(* The smallest congruence on N[T1,..,T4] containing T1T4 ~ T2T3 + 1
   (permutation of summands = equality in N[T]). *)
Inductive cong : npoly -> npoly -> Prop :=
| cong_perm p q : perm_eq p q -> cong p q
| cong_gen : cong [:: monmul T1 T4] [:: monmul T2 T3; mon1]
| cong_sym p q : cong p q -> cong q p
| cong_trans p q r : cong p q -> cong q r -> cong p r
| cong_add p q r : cong p q -> cong (padd p r) (padd q r)
| cong_mul p q r : cong p q -> cong (pmul p r) (pmul q r).

(* Representatives of elements of A = B^bullet: None is 0, Some e the monomial e. *)
Definition elt := option mon.
Definition toP (x : elt) : npoly := if x is Some e then [:: e] else [::].
Definition emul (x y : elt) : elt :=
  match x, y with Some a, Some b => Some (monmul a b) | _, _ => None end.
Definition eq_R (x y : elt) : Prop := cong (toP x) (toP y).

(* A subset of B^bullet, given on representatives; it must be saturated,
   i.e. depend only on the class in R. *)
Definition saturated (I : elt -> Prop) : Prop :=
  forall x y, eq_R x y -> I x -> I y.

Definition sameset (I J : elt -> Prop) : Prop := forall x, I x <-> J x.

Definition is_ideal (I : elt -> Prop) : Prop :=
  I None /\ forall a b, I a -> I (emul a b).

Definition sumE (s : seq elt) : npoly := flatten (map toP s).

Definition is_k_ideal (I : elt -> Prop) : Prop :=
  is_ideal I /\
  forall (c : elt) (as_ bs : seq elt),
    (forall a, a \in as_ -> I a) -> (forall b, b \in bs -> I b) ->
    cong (padd (sumE as_) (toP c)) (sumE bs) -> I c.

Definition is_prime_k_ideal (I : elt -> Prop) : Prop :=
  is_k_ideal I /\ ~ I (Some mon1) /\
  forall a b, ~ I a -> ~ I b -> ~ I (emul a b).

Definition gen_ideal (S : elt -> Prop) (x : elt) : Prop :=
  eq_R x None \/ exists s a, S s /\ eq_R x (emul s a).

Definition gens (l : seq mon) (s : elt) : Prop :=
  exists2 m, m \in l & s = Some m.

Inductive point := P0 | PT1 | PT2 | PT3 | PT4 | PT14 | PT23.

Definition pt_ideal (p : point) : elt -> Prop :=
  match p with
  | P0 => fun x => eq_R x None
  | PT1 => gen_ideal (gens [:: T1])
  | PT2 => gen_ideal (gens [:: T2])
  | PT3 => gen_ideal (gens [:: T3])
  | PT4 => gen_ideal (gens [:: T4])
  | PT14 => gen_ideal (gens [:: T1; T4])
  | PT23 => gen_ideal (gens [:: T2; T3])
  end.

(* {P} is closed in Spec B (topology generated by U_h = {q | h not in q}):
   every other point Q has a neighbourhood, a finite intersection of U_h's,
   that does not contain P. *)
Definition closed_point (P : elt -> Prop) : Prop :=
  forall Q, saturated Q -> is_prime_k_ideal Q -> ~ sameset Q P ->
    exists hs : seq elt, (forall h, h \in hs -> ~ Q h) /\ (exists2 h, h \in hs & P h).

From Pilot Require Import Defs.
From mathcomp Require Import all_boot all_algebra ring.
From Stdlib Require Import Classical.
Import GRing.Theory.

Set Implicit Arguments.
Unset Strict Implicit.
Unset Printing Implicit Defensive.

Local Open Scope ring_scope.

(* An element of B^bullet is 0 or a monomial, and a prime k-ideal I has a
   multiplicative complement, so I is determined by which of T1, ..., T4 it
   contains.  If I contained one of T1, T4 and one of T2, T3, then T2T3 + 1 = T1T4
   would force 1 into I; this leaves the seven listed sets.  Conversely each of
   them is the kernel of evaluation at an integer point with t1 t4 = t2 t3 + 1
   whose vanishing coordinates are exactly its generators; such kernels are prime
   k-ideals since Z is a domain and evaluation respects the congruence.  A point
   is closed iff its set of variables is maximal, i.e. {T1, T4} or {T2, T3}. *)

Section Evaluation.
Variable R : comPzRingType.

Definition mon_eval (t : R * R * R * R) (m : Defs.mon) : R :=
  let: (t1, t2, t3, t4) := t in let: (e1, e2, e3, e4) := m in
  t1 ^+ e1 * t2 ^+ e2 * t3 ^+ e3 * t4 ^+ e4.

Definition poly_eval t (p : Defs.npoly) : R := \sum_(m <- p) mon_eval t m.

Definition on_relation (t : R * R * R * R) : Prop :=
  let: (t1, t2, t3, t4) := t in t1 * t4 = t2 * t3 + 1.

Lemma mon_evalM t a b : mon_eval t (monmul a b) = mon_eval t a * mon_eval t b.
Proof.
case: t => [[[t1 t2] t3] t4]; case: a => [[[a1 a2] a3] a4].
by case: b => [[[b1 b2] b3] b4] /=; rewrite !exprD; ring.
Qed.

Lemma mon_eval1 t : mon_eval t mon1 = 1.
Proof. by case: t => [[[t1 t2] t3] t4]; rewrite /= !expr0 !mulr1. Qed.

Lemma poly_eval_cat t p q : poly_eval t (p ++ q) = poly_eval t p + poly_eval t q.
Proof. exact: big_cat. Qed.

Lemma poly_evalM t p q : poly_eval t (pmul p q) = poly_eval t p * poly_eval t q.
Proof.
elim: p => [|a p IHp]; first by rewrite /poly_eval big_nil mul0r.
rewrite [pmul _ _]/= poly_eval_cat IHp /poly_eval big_cons mulrDl big_map.
by congr (_ + _); rewrite mulr_sumr; apply: eq_bigr => m _; apply: mon_evalM.
Qed.

Lemma poly_eval_cong t p q : on_relation t -> cong p q -> poly_eval t p = poly_eval t q.
Proof.
move=> t_rel; elim=> {p q} [p q|| p q _ -> // |p q r _ -> _ -> // |p q r _ e|p q r _ e].
- exact: perm_big.
- case: t t_rel => [[[t1 t2] t3] t4] /= t_rel.
  rewrite /poly_eval !big_cons !big_nil /= !expr0 !expr1.
  by rewrite !mulr1 !mul1r !addr0 t_rel.
- by rewrite /padd !poly_eval_cat e.
- by rewrite !poly_evalM e.
Qed.

Lemma poly_eval_toP t x :
  poly_eval t (toP x) = if x is Some m then mon_eval t m else 0.
Proof. by case: x => [m|]; rewrite /poly_eval ?big_seq1 ?big_nil. Qed.

Lemma poly_eval_emul t x y :
  poly_eval t (toP (emul x y)) = poly_eval t (toP x) * poly_eval t (toP y).
Proof.
by case: x => [a|]; case: y => [b|]; rewrite !poly_eval_toP /= ?mul0r ?mulr0 ?mon_evalM.
Qed.

Lemma poly_eval_sumE t s :
  (forall x, x \in s -> poly_eval t (toP x) = 0) -> poly_eval t (sumE s) = 0.
Proof.
elim: s => [|x s IHs] s0; first by rewrite /poly_eval big_nil.
rewrite /sumE /= poly_eval_cat s0 ?mem_head // add0r IHs // => y ys.
by apply: s0; rewrite inE ys orbT.
Qed.

End Evaluation.

Definition eval_kernel (R : comPzRingType) (t : R * R * R * R) : elt -> Prop :=
  fun x => poly_eval t (toP x) = 0.

Section EvaluationKernel.
Variables (R : idomainType) (t : R * R * R * R).
Hypothesis t_rel : on_relation t.

Lemma eval_kernel_saturated : saturated (eval_kernel t).
Proof. by move=> x y xy; rewrite /eval_kernel (poly_eval_cong t_rel xy). Qed.

Lemma eval_kernel_prime : is_prime_k_ideal (eval_kernel t).
Proof.
rewrite /eval_kernel; split; [split; [split|] | split].
- by rewrite poly_eval_toP.
- by move=> x y x0; rewrite poly_eval_emul x0 mul0r.
- move=> c xs ys xs0 ys0 /(poly_eval_cong t_rel).
  by rewrite poly_eval_cat !poly_eval_sumE // add0r.
- by rewrite poly_eval_toP mon_eval1; apply/eqP; rewrite oner_eq0.
- move=> x y /eqP x0 /eqP y0; rewrite poly_eval_emul; apply/eqP.
  by rewrite mulf_eq0 negb_or x0.
Qed.

End EvaluationKernel.

Definition varset := (bool * bool * bool * bool)%type.

Definition involves (S : varset) (m : Defs.mon) : bool :=
  let: (b1, b2, b3, b4) := S in let: (e1, e2, e3, e4) := m in
  [|| (0 < e1)%N && b1, (0 < e2)%N && b2, (0 < e3)%N && b3 | (0 < e4)%N && b4].

Definition var_list (S : varset) : seq Defs.mon :=
  let: (b1, b2, b3, b4) := S in mask [:: b1; b2; b3; b4] [:: T1; T2; T3; T4].

Definition zero_vars (R : idomainType) (t : R * R * R * R) : varset :=
  let: (t1, t2, t3, t4) := t in (t1 == 0, t2 == 0, t3 == 0, t4 == 0).

Definition vsub (S S' : varset) : bool :=
  let: (a1, a2, a3, a4) := S in let: (b1, b2, b3, b4) := S' in
  [&& a1 ==> b1, a2 ==> b2, a3 ==> b3 & a4 ==> b4].

Lemma involves_vsub S S' m : vsub S S' -> involves S m -> involves S' m.
Proof.
case: S S' m => [[[a1 a2] a3] a4] [[[b1 b2] b3] b4] [[[e1 e2] e3] e4] /=.
case/and4P=> /implyP h1 /implyP h2 /implyP h3 /implyP h4.
case/or4P=> [/andP [-> /h1 ->]|/andP [-> /h2 ->]|/andP [-> /h3 ->]|/andP [-> /h4 ->]];
  by rewrite ?orbT.
Qed.

Lemma vsubE S S' :
  vsub S S' = all (fun x => involves S x ==> involves S' x) [:: T1; T2; T3; T4].
Proof.
by case: S S' => [[[a1 a2] a3] a4] [[[b1 b2] b3] b4]; rewrite /= ?andbT ?andbF ?orbF.
Qed.

Lemma mon_eval_eq0 (R : idomainType) (t : R * R * R * R) m :
  (mon_eval t m == 0) = involves (zero_vars t) m.
Proof.
case: t => [[[t1 t2] t3] t4]; case: m => [[[e1 e2] e3] e4] /=.
by rewrite !mulf_eq0 !expf_eq0 -!orbA.
Qed.

Lemma var_list_involved S : all (involves S) (var_list S).
Proof. by case: S => [[[[] []] []] []]. Qed.

Lemma involves_factor S m :
  involves S m -> exists2 x, x \in var_list S & exists m', m = monmul x m'.
Proof.
case: S => [[[b1 b2] b3] b4]; case: m => [[[e1 e2] e3] e4].
case/or4P=> /andP [e_pos b_in].
- exists T1; first by rewrite /= b_in mem_head.
  by exists (e1.-1, e2, e3, e4); case: e1 e_pos.
- exists T2; first by rewrite /= b_in; case: b1; rewrite !inE eqxx ?orbT.
  by exists (e1, e2.-1, e3, e4); case: e2 e_pos.
- exists T3; first by rewrite /= b_in; case: b1; case: b2; rewrite !inE eqxx ?orbT.
  by exists (e1, e2, e3.-1, e4); case: e3 e_pos.
- exists T4; first by rewrite /= b_in; case: b1; case: b2; case: b3;
    rewrite !inE eqxx ?orbT.
  by exists (e1, e2, e3, e4.-1); case: e4 e_pos.
Qed.

Lemma gen_ideal_nil x : gen_ideal (gens [::]) x <-> eq_R x None.
Proof. by split=> [[//|[s [a [[m]]]]]|]; [|left]. Qed.

Lemma eval_kernel_gen_ideal (R : idomainType) (t : R * R * R * R) :
  on_relation t -> sameset (eval_kernel t) (gen_ideal (gens (var_list (zero_vars t)))).
Proof.
move=> t_rel [m|] /=; split.
- move/eqP; rewrite poly_eval_toP mon_eval_eq0 => /involves_factor [x x_var [m' ->]].
  by right; exists (Some x), (Some m'); split; [exists x | apply: cong_perm].
- case=> [|[_ [a [[x x_var ->]]]]] /(poly_eval_cong t_rel); rewrite /eval_kernel.
    by rewrite !poly_eval_toP.
  rewrite poly_eval_emul !poly_eval_toP => ->.
  have /allP/(_ x x_var) := var_list_involved (zero_vars t).
  by rewrite -mon_eval_eq0 => /eqP ->; rewrite mul0r.
- by left; apply: cong_perm.
- by rewrite /eval_kernel poly_eval_toP.
Qed.

(* The zero coordinates of [witness p] are exactly the generators of [pt_ideal p]. *)
Definition witness (p : point) : int * int * int * int :=
  match p with
  | P0 => (2, 1, 1, 1) | PT1 => (0, 1, -1, 1) | PT2 => (1, 0, 1, 1)
  | PT3 => (1, 1, 0, 1) | PT4 => (1, 1, -1, 0) | PT14 => (0, 1, -1, 0)
  | PT23 => (1, 0, 0, 1)
  end.

Definition vars (p : point) : varset := zero_vars (witness p).

Lemma witness_on_relation p : on_relation (witness p).
Proof. by case: p. Qed.

Lemma vars_onto (b1 b2 b3 b4 : bool) :
  ~~ ((b1 || b4) && (b2 || b3)) -> exists p, vars p = (b1, b2, b3, b4).
Proof.
case: b1; case: b2; case: b3; case: b4 => // _.
all: by [exists P0 | exists PT1 | exists PT2 | exists PT3 | exists PT4
        | exists PT14 | exists PT23].
Qed.

Lemma pt_ideal_kernel p : sameset (pt_ideal p) (eval_kernel (witness p)).
Proof.
move=> x; apply: iff_sym; rewrite (eval_kernel_gen_ideal (witness_on_relation p) x).
by case: p; first exact: gen_ideal_nil.
Qed.

Lemma sameset_prime I J : sameset I J -> is_prime_k_ideal J -> is_prime_k_ideal I.
Proof.
move=> IJ [[[J0 Jmul] Jk] [J1 Jprime]]; split; [split; [split|] | split].
- exact/IJ.
- by move=> x y /IJ Jx; apply/IJ/Jmul.
- by move=> c xs ys xsI ysI e; apply/IJ/(Jk c xs ys) => [x /xsI /IJ|x /ysI /IJ|].
- by move/IJ.
- by move=> x y /IJ Jx /IJ Jy /IJ; apply: Jprime.
Qed.

Lemma pt_ideal_saturated p : saturated (pt_ideal p).
Proof.
move=> x y xy /pt_ideal_kernel px; apply/pt_ideal_kernel.
exact: eval_kernel_saturated (witness_on_relation p) _ _ xy px.
Qed.

Lemma pt_ideal_prime p : is_prime_k_ideal (pt_ideal p).
Proof.
apply: sameset_prime (pt_ideal_kernel p) _.
exact: eval_kernel_prime (witness_on_relation p).
Qed.

Lemma pt_ideal0 p : pt_ideal p None.
Proof. by case: (pt_ideal_prime p) => [[[]]]. Qed.

Lemma pt_idealE p m : pt_ideal p (Some m) <-> involves (vars p) m.
Proof.
rewrite pt_ideal_kernel /eval_kernel poly_eval_toP -mon_eval_eq0.
by split=> [->|/eqP].
Qed.



Lemma pt_ideal_subP p q :
  (forall x, pt_ideal p x -> pt_ideal q x) <-> vsub (vars p) (vars q).
Proof.
split=> [pq|pq [m|_]]; last exact: pt_ideal0.
- by rewrite vsubE; apply/allP=> x _; apply/implyP=> /pt_idealE /pq /pt_idealE.
- by move=> /pt_idealE /(involves_vsub pq) /pt_idealE.
Qed.

Lemma pt_ideal_inj p q : sameset (pt_ideal p) (pt_ideal q) -> p = q.
Proof.
move=> pq; have /pt_ideal_subP := fun x => proj1 (pq x).
have /pt_ideal_subP := fun x => proj2 (pq x).
by clear pq; case: p; case: q.
Qed.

■ ABOUT THIS TASK:
The output should be exactly the lines above from the line containing "forall x y, eq_R x y -> I x -> I y." to the line containing "Local Open Scope ring_scope.", inclusive, with no other lines.

■ OUTPUT FOR THIS EXERCISE:
  forall x y, eq_R x y -> I x -> I y.

Definition sameset (I J : elt -> Prop) : Prop := forall x, I x <-> J x.

Definition is_ideal (I : elt -> Prop) : Prop :=
  I None /\ forall a b, I a -> I (emul a b).

Definition sumE (s : seq elt) : npoly := flatten (map toP s).

Definition is_k_ideal (I : elt -> Prop) : Prop :=
  is_ideal I /\
  forall (c : elt) (as_ bs : seq elt),
    (forall a, a \in as_ -> I a) -> (forall b, b \in bs -> I b) ->
    cong (padd (sumE as_) (toP c)) (sumE bs) -> I c.

Definition is_prime_k_ideal (I : elt -> Prop) : Prop :=
  is_k_ideal I /\ ~ I (Some mon1) /\
  forall a b, ~ I a -> ~ I b -> ~ I (emul a b).

Definition gen_ideal (S : elt -> Prop) (x : elt) : Prop :=
  eq_R x None \/ exists s a, S s /\ eq_R x (emul s a).

Definition gens (l : seq mon) (s : elt) : Prop :=
  exists2 m, m \in l & s = Some m.

Inductive point := P0 | PT1 | PT2 | PT3 | PT4 | PT14 | PT23.

Definition pt_ideal (p : point) : elt -> Prop :=
  match p with
  | P0 => fun x => eq_R x None
  | PT1 => gen_ideal (gens [:: T1])
  | PT2 => gen_ideal (gens [:: T2])
  | PT3 => gen_ideal (gens [:: T3])
  | PT4 => gen_ideal (gens [:: T4])
  | PT14 => gen_ideal (gens [:: T1; T4])
  | PT23 => gen_ideal (gens [:: T2; T3])
  end.

(* {P} is closed in Spec B (topology generated by U_h = {q | h not in q}):
   every other point Q has a neighbourhood, a finite intersection of U_h's,
   that does not contain P. *)
Definition closed_point (P : elt -> Prop) : Prop :=
  forall Q, saturated Q -> is_prime_k_ideal Q -> ~ sameset Q P ->
    exists hs : seq elt, (forall h, h \in hs -> ~ Q h) /\ (exists2 h, h \in hs & P h).

From Pilot Require Import Defs.
From mathcomp Require Import all_boot all_algebra ring.
From Stdlib Require Import Classical.
Import GRing.Theory.

Set Implicit Arguments.
Unset Strict Implicit.
Unset Printing Implicit Defensive.

Local Open Scope ring_scope.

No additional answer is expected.